The eponymous anti-hero is a New York futures trader with a wicked reputation and a scruples bypass. He would sell his own grandmother short to make a buck or two but he might at least buy her back, if only to make more.
Plays about the world of high finance by those who have been there tend to be dire. In fact, the person who best captured this life is Caryl Churchill in Serious Money over twenty years ago.
Roger Kirby has made a good fist of it. The posters promise Sex, Drugs and Rock and Roll and he delivers all of this and lots of corny jokes too. He also presents an overly complicated plot with stings galore, ultimately involving comeuppance for our lovable rogue, charmingly played by John Guerrasio.

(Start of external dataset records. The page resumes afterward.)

(* Let $A$ be a meet-complemented lattice in which $\Box x$ and $\Diamond x$ exist for every $x\in A$, and let $\{a_i: i\in I\}$ be an arbitrary subset of $A$. Then (i) if both $\bigwedge_{i\in I}a_i$ and $\bigwedge_{i\in I}\Box a_i$ exist, then $\bigwedge_{i\in I}\Box a_i=\Box\bigwedge_{i\in I}a_i$; and (ii) if both $\bigvee_{i\in I}a_i$ and $\bigvee_{i\in I}\Diamond a_i$ exist, then $\bigvee_{i\in I}\Diamond a_i=\Diamond\bigvee_{i\in I}a_i$.
   Context: A meet-complemented lattice is a lattice $(L,\le)$ (not necessarily distributive) such that for every $a\in L$ the element $\neg a=\max\{b\in L: a\wedge b\le c\ \text{for all } c\in L\}$ exists; it is bounded with bottom $0$ and top $1$. For $a\in L$, $\Box a=\max\{b\in L: a\vee\neg b=1\}$ and $\Diamond a=\min\{b\in L: \neg a\vee b=1\}$. *)

From HB Require Import structures.
From mathcomp Require Import all_boot all_order.
Set Implicit Arguments. Unset Strict Implicit. Unset Printing Implicit Defensive.
Import Order.LTheory.
Local Open Scope order_scope.

Definition is_max {d} {L : porderType d} (P : L -> Prop) (x : L) : Prop :=
  P x /\ forall y, P y -> y <= x.
Definition is_min {d} {L : porderType d} (P : L -> Prop) (x : L) : Prop :=
  P x /\ forall y, P y -> x <= y.

Definition is_inf {d} {L : porderType d} {I : Type} (a : I -> L) (m : L) : Prop :=
  is_max (fun b => forall i, b <= a i) m.
Definition is_sup {d} {L : porderType d} {I : Type} (a : I -> L) (s : L) : Prop :=
  is_min (fun b => forall i, a i <= b) s.

Definition is_neg {d} {L : tbLatticeType d} (a na : L) : Prop :=
  is_max (fun b => forall c, a `&` b <= c) na.
Definition is_box {d} {L : tbLatticeType d} (neg : L -> L) (a ba : L) : Prop :=
  is_max (fun b => a `|` neg b = \top) ba.
Definition is_diamond {d} {L : tbLatticeType d} (neg : L -> L) (a da : L) : Prop :=
  is_min (fun b => neg a `|` b = \top) da.

(** Since [neg a `|` b = \top] is symmetric up to [joinC], [dia a <= b] and
    [a <= box b] are both equivalent to it: [dia] is left adjoint to [box].
    A right adjoint preserves every existing infimum and a left adjoint every
    existing supremum, and infima and suprema are unique. *)

From HB Require Import structures.
From mathcomp Require Import all_boot all_order.
Import Order.LTheory.
Local Open Scope order_scope.

Lemma is_max_unique {d} {L : porderType d} (P : L -> Prop) (x y : L) :
  is_max P x -> is_max P y -> x = y.
Proof. by move=> [Px maxx] [Py maxy]; apply: le_anti; rewrite maxx ?maxy. Qed.

Lemma is_min_unique {d} {L : porderType d} (P : L -> Prop) (x y : L) :
  is_min P x -> is_min P y -> x = y.
Proof. by move=> [Px minx] [Py miny]; apply: le_anti; rewrite minx ?miny. Qed.

Section GaloisConnection.
Context {d1 d2 : Order.disp_t} {L1 : porderType d1} {L2 : porderType d2}.
Context {f : L1 -> L2} {g : L2 -> L1}.
Hypothesis fg_adjoint : forall x y, f x <= y <-> x <= g y.

Lemma adjoint_homo_right : {homo g : x y / x <= y}.
Proof. by move=> x y xy; apply/fg_adjoint/(le_trans _ xy)/fg_adjoint. Qed.

Lemma adjoint_homo_left : {homo f : x y / x <= y}.
Proof. by move=> x y xy; apply/fg_adjoint/(le_trans xy)/fg_adjoint. Qed.

Lemma is_inf_adjoint_right {I : Type} (a : I -> L2) (m : L2) :
  is_inf a m -> is_inf (g \o a) (g m).
Proof.
move=> [lb_m glb_m]; split=> [i | b lb_b] /=; first exact: adjoint_homo_right.
by apply/fg_adjoint/glb_m => i; apply/fg_adjoint/lb_b.
Qed.

Lemma is_sup_adjoint_left {I : Type} (a : I -> L1) (s : L1) :
  is_sup a s -> is_sup (f \o a) (f s).
Proof.
move=> [ub_s lub_s]; split=> [i | b ub_b] /=; first exact: adjoint_homo_left.
by apply/fg_adjoint/lub_s => i; apply/fg_adjoint/ub_b.
Qed.

End GaloisConnection.

Section ModalOperators.
Context {d : Order.disp_t} {L : tbLatticeType d} {neg box dia : L -> L}.
Hypothesis hneg : forall x : L, is_neg x (neg x).
Hypothesis hbox : forall x : L, is_box neg x (box x).
Hypothesis hdia : forall x : L, is_diamond neg x (dia x).

Lemma neg_antitone : {homo neg : x y /~ x <= y}.
Proof.
move=> x y xy; apply: (proj2 (hneg y)) => c.
by apply: le_trans (proj1 (hneg x) c); rewrite leI2.
Qed.

Lemma le_box (a b : L) : b <= box a <-> a `|` neg b = \top.
Proof.
split=> [b_le | ]; last exact: (proj2 (hbox a)).
apply: le_anti; rewrite lex1 -(proj1 (hbox a)) leU2 //.
exact: neg_antitone.
Qed.

Lemma dia_le (a b : L) : dia a <= b <-> neg a `|` b = \top.
Proof.
split=> [le_b | ]; last exact: (proj2 (hdia a)).
by apply: le_anti; rewrite lex1 -(proj1 (hdia a)) leU2.
Qed.

Lemma dia_box_adjoint (a b : L) : dia a <= b <-> a <= box b.
Proof.
split=> [/(dia_le a b) | /(le_box b a)]; rewrite joinC => top_eq.
- exact/(le_box b a).
- exact/(dia_le a b).
Qed.

End ModalOperators.

Theorem proposition10 (d : Order.disp_t) (L : tbLatticeType d)
  (neg box dia : L -> L)
  (hneg : forall x : L, is_neg x (neg x))
  (hbox : forall x : L, is_box neg x (box x))
  (hdia : forall x : L, is_diamond neg x (dia x))
  (I : Type) (a : I -> L) :
  (forall m mb : L, is_inf a m -> is_inf (fun i => box (a i)) mb -> mb = box m) /\
  (forall s sd : L, is_sup a s -> is_sup (fun i => dia (a i)) sd -> sd = dia s).
Proof.
have adj := dia_box_adjoint hneg hbox hdia.
split=> [m mb inf_m inf_mb | s sd sup_s sup_sd].
- exact: is_max_unique inf_mb (is_inf_adjoint_right adj a m inf_m).
- exact: is_min_unique sup_sd (is_sup_adjoint_left adj a s sup_s).
Qed.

The revenge is perpetrated by an oddly innocent couple: preppy multi-millionaire George, played by Jack Tarlton, and sweet investigative journalist (???) Grace (Joanne Redman). The pair act well but struggle with the accents in a way that suggests they should have followed the lead of Kristin Milward who stuck with her own as the arch Bigley. She is a pivotal character in Grimes' blackmail as she has, and is, the history.
Eventually, Kirby chucks in far too much information and too many plot lines. This is a pity, as Burleigh Grimes is entertaining and well placed for those City wideboys just up the road from the Bridewell.
Director Steven Little seems to have been given a large budget but has invested well. There is live music from Buddy Holly Airlines, the kind of trio that does well at weddings and Barmitzvahs.
The set, designed by Nicolai Hart Hansen, is fantastic. An offset square of Perspex with wooden surrounds provides a playing area and at one stage, even a hidden bed. Above all of this are six Perspex cubes containing among other things, a chandelier and a slice of Mondrian.
If you work in the City, go and see Burleigh Grimes. It is that rare piece a good drama about high finance.
If you don't, then it is worth going so that you can find out what all that jargon on the finance pages really means. You will also find out about The F Factor.